Dataset content Start Marker
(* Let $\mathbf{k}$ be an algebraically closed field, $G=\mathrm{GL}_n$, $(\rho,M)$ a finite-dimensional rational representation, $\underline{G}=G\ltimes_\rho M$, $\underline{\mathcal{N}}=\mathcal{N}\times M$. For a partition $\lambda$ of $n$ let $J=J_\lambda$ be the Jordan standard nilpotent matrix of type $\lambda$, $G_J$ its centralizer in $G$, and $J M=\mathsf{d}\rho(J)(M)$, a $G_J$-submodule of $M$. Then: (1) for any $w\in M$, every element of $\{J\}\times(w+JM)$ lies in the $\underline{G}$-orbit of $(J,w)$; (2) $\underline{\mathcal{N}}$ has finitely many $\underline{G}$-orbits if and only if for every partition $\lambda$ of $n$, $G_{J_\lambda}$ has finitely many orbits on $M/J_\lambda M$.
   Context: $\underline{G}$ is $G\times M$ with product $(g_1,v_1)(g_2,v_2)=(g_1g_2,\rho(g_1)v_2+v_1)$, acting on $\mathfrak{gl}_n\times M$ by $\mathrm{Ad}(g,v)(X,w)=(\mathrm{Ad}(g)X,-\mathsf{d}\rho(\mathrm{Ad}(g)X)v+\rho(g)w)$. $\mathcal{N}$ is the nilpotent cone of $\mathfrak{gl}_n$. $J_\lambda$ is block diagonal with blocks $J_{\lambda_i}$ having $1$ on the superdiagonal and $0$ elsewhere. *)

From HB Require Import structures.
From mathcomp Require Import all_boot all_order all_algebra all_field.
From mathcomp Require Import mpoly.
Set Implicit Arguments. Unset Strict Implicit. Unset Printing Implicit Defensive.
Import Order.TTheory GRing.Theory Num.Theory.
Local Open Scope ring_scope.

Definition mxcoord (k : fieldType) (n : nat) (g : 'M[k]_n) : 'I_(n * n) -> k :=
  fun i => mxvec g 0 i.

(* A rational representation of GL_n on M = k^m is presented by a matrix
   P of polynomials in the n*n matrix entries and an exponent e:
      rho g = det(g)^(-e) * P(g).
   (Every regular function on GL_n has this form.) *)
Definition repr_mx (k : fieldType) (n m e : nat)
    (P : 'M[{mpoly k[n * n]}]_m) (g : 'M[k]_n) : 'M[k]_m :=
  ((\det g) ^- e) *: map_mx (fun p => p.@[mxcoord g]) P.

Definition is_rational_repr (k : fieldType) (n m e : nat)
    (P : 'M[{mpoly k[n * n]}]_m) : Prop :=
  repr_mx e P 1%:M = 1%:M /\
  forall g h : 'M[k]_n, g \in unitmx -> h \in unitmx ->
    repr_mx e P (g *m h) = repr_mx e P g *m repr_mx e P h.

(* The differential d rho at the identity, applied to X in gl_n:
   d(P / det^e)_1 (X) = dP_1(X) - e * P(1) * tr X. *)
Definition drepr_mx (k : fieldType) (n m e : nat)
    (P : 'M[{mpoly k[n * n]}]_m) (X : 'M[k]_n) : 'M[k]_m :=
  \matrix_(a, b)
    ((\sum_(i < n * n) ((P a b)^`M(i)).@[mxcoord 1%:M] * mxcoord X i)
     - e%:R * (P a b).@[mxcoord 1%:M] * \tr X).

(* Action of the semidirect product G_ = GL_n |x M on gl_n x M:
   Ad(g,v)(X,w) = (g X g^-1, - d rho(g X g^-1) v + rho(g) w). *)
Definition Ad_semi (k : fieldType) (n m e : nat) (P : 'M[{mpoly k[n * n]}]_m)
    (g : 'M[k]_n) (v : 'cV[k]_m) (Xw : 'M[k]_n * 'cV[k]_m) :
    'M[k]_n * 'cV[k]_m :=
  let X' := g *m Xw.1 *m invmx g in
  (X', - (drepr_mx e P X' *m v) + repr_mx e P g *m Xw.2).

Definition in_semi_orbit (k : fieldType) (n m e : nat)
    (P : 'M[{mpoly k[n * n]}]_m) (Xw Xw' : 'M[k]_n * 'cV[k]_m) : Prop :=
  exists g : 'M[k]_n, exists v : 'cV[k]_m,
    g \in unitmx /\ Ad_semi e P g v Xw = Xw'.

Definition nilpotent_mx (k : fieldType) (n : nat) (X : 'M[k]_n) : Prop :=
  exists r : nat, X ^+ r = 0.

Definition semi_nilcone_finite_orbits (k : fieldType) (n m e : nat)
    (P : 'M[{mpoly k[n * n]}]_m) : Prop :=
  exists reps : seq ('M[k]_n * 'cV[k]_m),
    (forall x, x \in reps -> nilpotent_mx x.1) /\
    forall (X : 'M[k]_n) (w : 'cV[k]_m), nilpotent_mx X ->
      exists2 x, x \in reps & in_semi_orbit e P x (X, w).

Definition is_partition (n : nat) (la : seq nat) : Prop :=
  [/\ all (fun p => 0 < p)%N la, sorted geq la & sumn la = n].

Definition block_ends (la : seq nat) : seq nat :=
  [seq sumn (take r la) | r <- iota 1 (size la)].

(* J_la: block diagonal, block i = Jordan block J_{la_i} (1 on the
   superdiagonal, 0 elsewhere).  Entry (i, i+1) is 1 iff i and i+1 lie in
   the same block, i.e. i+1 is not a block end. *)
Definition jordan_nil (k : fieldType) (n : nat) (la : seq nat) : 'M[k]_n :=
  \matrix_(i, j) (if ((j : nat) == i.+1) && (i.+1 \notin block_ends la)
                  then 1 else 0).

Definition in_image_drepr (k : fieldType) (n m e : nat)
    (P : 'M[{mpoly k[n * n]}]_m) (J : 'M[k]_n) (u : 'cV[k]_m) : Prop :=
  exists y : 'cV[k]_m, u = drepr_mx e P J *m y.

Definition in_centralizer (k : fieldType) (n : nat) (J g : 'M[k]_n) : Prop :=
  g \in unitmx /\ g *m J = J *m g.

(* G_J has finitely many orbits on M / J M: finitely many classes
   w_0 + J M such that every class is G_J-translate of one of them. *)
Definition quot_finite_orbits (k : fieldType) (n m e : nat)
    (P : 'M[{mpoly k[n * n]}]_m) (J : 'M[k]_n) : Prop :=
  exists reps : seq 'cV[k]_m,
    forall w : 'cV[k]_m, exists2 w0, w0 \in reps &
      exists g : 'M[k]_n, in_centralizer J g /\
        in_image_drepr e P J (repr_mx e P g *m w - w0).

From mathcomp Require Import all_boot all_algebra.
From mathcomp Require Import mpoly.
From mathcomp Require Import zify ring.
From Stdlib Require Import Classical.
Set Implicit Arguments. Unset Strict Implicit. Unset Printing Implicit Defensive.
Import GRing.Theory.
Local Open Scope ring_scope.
Dataset content End Marker
> **Task objective**
Tally every line of the data that holds the word "product" and write the count alone.

> **Your solution**
2